If we decide to optimize the procedure by only storing the data with YES values in the array (which represents about 3/4 of the data) and only the years from the dates, 0.23 seconds are sufficient:

optimized vba arrays

In this example, using an array allowed the procedure to be executed approximately 240 times faster.

Array Declaration

Here are some examples of declarations (if the first two declarations are not clear to you, review this):

'Example of declaring a 1-dimensional array
Dim array1(4)

'Example of declaring a 2-dimensional array
Dim array2(6, 1)

'Example of declaring a dynamic array
Dim array3()

If you cannot enter fixed values (because it depends on the size of the database, for example), leave the parentheses empty.

You don't need to declare a type (String, Integer, etc.) because, in many cases, it would slow down your procedure.

Storing Data in an Array

Let's start by storing this data in an array:

store 1 dim vba arrays

Here we want to store 11 x 1 values, so we need to declare a 1-dimensional array:

Dim myArray(10)

The array myArray(10) can hold 11 values because remember that the numbering of an array starts at 0.

Each element of the array is then assigned its value:

Sub example()

    Dim myArray(10)

    'Storing values in the array
    myArray(0) = Range("A2")
    myArray(1) = Range("A3")
    myArray(2) = Range("A4")
    myArray(3) = Range("A5")
    myArray(4) = Range("A6")
    myArray(5) = Range("A7")
    myArray(6) = Range("A8")
    myArray(7) = Range("A9")
    myArray(8) = Range("A10")
    myArray(9) = Range("A11")
    myArray(10) = Range("A12")

End Sub

But to avoid all this repetition, using a For loop is highly recommended:

Sub example()
    Dim myArray(10), i As Integer
    'Storing values in the array
    For i = 0 To 10
        myArray(i) = Range("A" & i + 2)

End Sub

Note that you can use and modify each element of the array individually like a variable.

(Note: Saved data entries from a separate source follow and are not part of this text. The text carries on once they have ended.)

(* Let $P,Q$ be closed wire calculus terms of sort $(k,l)$, $R$ a closed term of sort $(m,n)$, $S$ a closed term of sort $(l,l')$ and $T$ a closed term of sort $(k',k)$, and suppose $P\sim Q$. Then: (i) $P\mathrel{;}S\sim Q\mathrel{;}S$ and $T\mathrel{;}P\sim T\mathrel{;}Q$; (ii) $P\otimes R\sim Q\otimes R$ and $R\otimes P\sim R\otimes Q$; (iii) for prefix strings $u,v$ such that the prefix terms are well-sorted closed terms, $\frac{u}{v}.P\sim\frac{u}{v}.Q$; (iv) $P+R\sim Q+R$ and $R+P\sim R+Q$ (whenever these are well-sorted, i.e. $R$ has sort $(k,l)$).
   Context: Wire calculus. Fix a set $\Sigma$ of signals and a symbol $\iota\notin\Sigma$ (''no signal''); $L=\Sigma\cup\{\iota\}$. Prefix strings are words over the atoms: signal variables $x$, binders $\lambda x$, $\iota$, and constants $\sigma\in\Sigma$. Terms: $P::= Y \mid P\mathrel{;}P\mid P\otimes P\mid \frac{u}{v}.P\mid P+P\mid \mu Y{:}\tau.P$, with $Y$ process variables, $u,v$ prefix strings, $\tau$ a sort $(k,l)$, $k,l\ge0$. In $\frac{u}{v}.P$ the variables $x$ with $\lambda x$ occurring in $uv$ are bound in $P$ (the set $bd$); other variables occurring in $uv$ are free ($fr$). Sorting (context $\Gamma$ of sorted process variables and signal variables): $Y$ has its declared sort; if $P:(k,n)$, $R:(n,l)$ then $P\mathrel{;}R:(k,l)$; if $P:(k,l)$, $Q:(m,n)$ then $P\otimes Q:(k+m,l+n)$; if $P:\tau$ under $\Gamma,Y{:}\tau'$ then $\mu Y{:}\tau'.P:\tau$; if $|u|=k$, $|v|=l$, $fr\cap bd=\varnothing$, $fr\subseteq\Gamma$ and $P:(k,l)$ under $\Gamma\cup bd$, then $\frac{u}{v}.P:(k,l)$; if $P,Q:\tau$ then $P+Q:\tau$. Only closed terms (sorted in the empty context) are considered; terms are taken up to renaming of bound variables, with no other structural congruence. $\otimes$ binds tighter than $;$. Semantics: transitions $P\xrightarrow[\vec b]{\vec a}Q$ with $\vec a,\vec b\in L^*$ (upper label $\vec a$ of length $k$, lower $\vec b$ of length $l$ for $P:(k,l)$), $\vec\iota$ denoting words of $\iota$'s, generated by the rules: (Refl) $P\xrightarrow[\vec\iota]{\vec\iota}P$; ($\iota$L) from $P\xrightarrow[\vec\iota]{\vec\iota}R$ and $R\xrightarrow[\vec b]{\vec a}Q$ infer $P\xrightarrow[\vec b]{\vec a}Q$; ($\iota$R) from $P\xrightarrow[\vec b]{\vec a}R$ and $R\xrightarrow[\vec\iota]{\vec\iota}Q$ infer $P\xrightarrow[\vec b]{\vec a}Q$; (Cut) from $P\xrightarrow[\vec c]{\vec a}Q$, $R\xrightarrow[\vec b]{\vec c}S$ infer $P\mathrel{;}R\xrightarrow[\vec b]{\vec a}Q\mathrel{;}S$; (Ten) from $P\xrightarrow[\vec b]{\vec a}Q$, $R\xrightarrow[\vec d]{\vec c}S$ infer $P\otimes R\xrightarrow[\vec b\vec d]{\vec a\vec c}Q\otimes S$; (Pref) for every map $\sigma:bd\to L$, $\frac{u}{v}.P\xrightarrow[v|_\sigma]{u|_\sigma}P|_\sigma$ where $u|_\sigma$ replaces each $\lambda x$ by $\sigma(x)$ and $P|_\sigma$ substitutes $\sigma(x)$ for $x$; (Rec) from $P[\mu Y.P/Y]\xrightarrow[\vec b]{\vec a}Q$ infer $\mu Y.P\xrightarrow[\vec b]{\vec a}Q$; ($+\iota$) from $P\xrightarrow[\vec\iota]{\vec\iota}Q$, $R\xrightarrow[\vec\iota]{\vec\iota}S$ infer $P+R\xrightarrow[\vec\iota]{\vec\iota}Q+S$; ($+$L) from $P\xrightarrow[\vec b]{\vec a}Q$ with $\vec a\vec b$ not consisting only of $\iota$'s infer $P+R\xrightarrow[\vec b]{\vec a}Q$, and symmetrically ($+$R). Bisimilarity: for closed terms $P,Q$ of the same sort, $P\sim Q$ iff there is a relation $S$ on terms containing $(P,Q)$ such that whenever $(P',Q')\in S$ and $P'\xrightarrow[\vec b]{\vec a}P''$ there is $Q''$ with $Q'\xrightarrow[\vec b]{\vec a}Q''$ and $(P'',Q'')\in S$, and symmetrically with the roles of the two sides exchanged. *)

From Stdlib Require Import List Arith Bool.
Import ListNotations.
Set Implicit Arguments.
(* Let $t$ be any integer and $G_j=G_j(a,b)$ a gibonacci sequence. If $p$ is a non-negative integer, then \[ \sum_{n=0}^\infty\binom{n+p}{p}\frac{H_nG_{n+t}}{2^n}=(H_p+\ln2)2^{p+1}G_{t+2p+2}+\frac{2^{p+2}}{\sqrt5}\bigl(G_{t+2p+3}+G_{t+2p+1}\bigr)\ln\alpha-2^{p+1}\sum_{k=1}^p\frac{G_{t+2p-2k+2}}{2^kk}. \] If $p$ is a non-negative even integer, then \begin{align*} \sum_{n=0}^\infty(-1)^n\binom{n+p}{p}\frac{H_nG_{n+t}}{2^n}&=\Bigl(\frac2{\sqrt5}\Bigr)^{p+1}\left(\frac{H_p-\ln(\sqrt5/2)}{\sqrt5}\bigl(G_{t-p}+G_{t-p-2}\bigr)-G_{t-p-1}\ln\alpha\right)\\ &\quad-\sum_{k=1}^{p/2}\frac{(4/5)^{p/2-k}}{5k}\left(G_{t+2k-p}+\frac{6k-1}{2k-1}G_{t+2k-p-2}\right), \end{align*} while if $p$ is an odd positive integer, then \begin{align*} \sum_{n=0}^\infty(-1)^n\binom{n+p}{p}\frac{H_nG_{n+t}}{2^n}&=\Bigl(\frac2{\sqrt5}\Bigr)^{p+1}\left(\bigl(H_p-\ln(\sqrt5/2)\bigr)G_{t-p-1}-\frac{\ln\alpha}{\sqrt5}\bigl(G_{t-p}+G_{t-p-2}\bigr)\right)\\ &\quad-\frac8{25}\sum_{k=1}^{(p-1)/2}\frac{(4/5)^{(p-1)/2-k}}{2k-1}\left(\frac{14k-5}{4k}G_{t+2k-p-1}+G_{t+2k-p-3}\right)-\frac{2(G_t+G_{t-2})}{5p}. \end{align*}
   Context: $H_n=\sum_{j=1}^n\frac1j$ ($H_0=0$). $\alpha=(1+\sqrt5)/2$, $\beta=-1/\alpha$. For numbers $a,b$ not both zero, the gibonacci sequence $G_j=G_j(a,b)$ is defined by $G_0=a$, $G_1=b$, $G_j=G_{j-1}+G_{j-2}$, extended to negative indices by $G_{-j}=G_{-(j-2)}-G_{-(j-1)}$; equivalently $G_j=\frac{(b-a\beta)\alpha^j+(a\alpha-b)\beta^j}{\alpha-\beta}$. Empty sums are $0$. *)

From Stdlib Require Import Reals ZArith Arith.
From Coquelicot Require Import Coquelicot.
Open Scope R_scope.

Here's an example with myArray(3), the fourth value of the array:

Sub example()
    Dim myArray(10), i As Integer
    'Storing values in the array
    For i = 0 To 10
        myArray(i) = Range("A" & i + 2)
    'Display 1
    MsgBox myArray(3) 'Returns: 3/8/2023
    'Modifying one of the values
    myArray(3) = Year(myArray(3))
    'Display 2
    MsgBox myArray(3) 'Returns: 2023
End Sub

In this example, the Year function (which returns the year of a date) was used to modify myArray(3).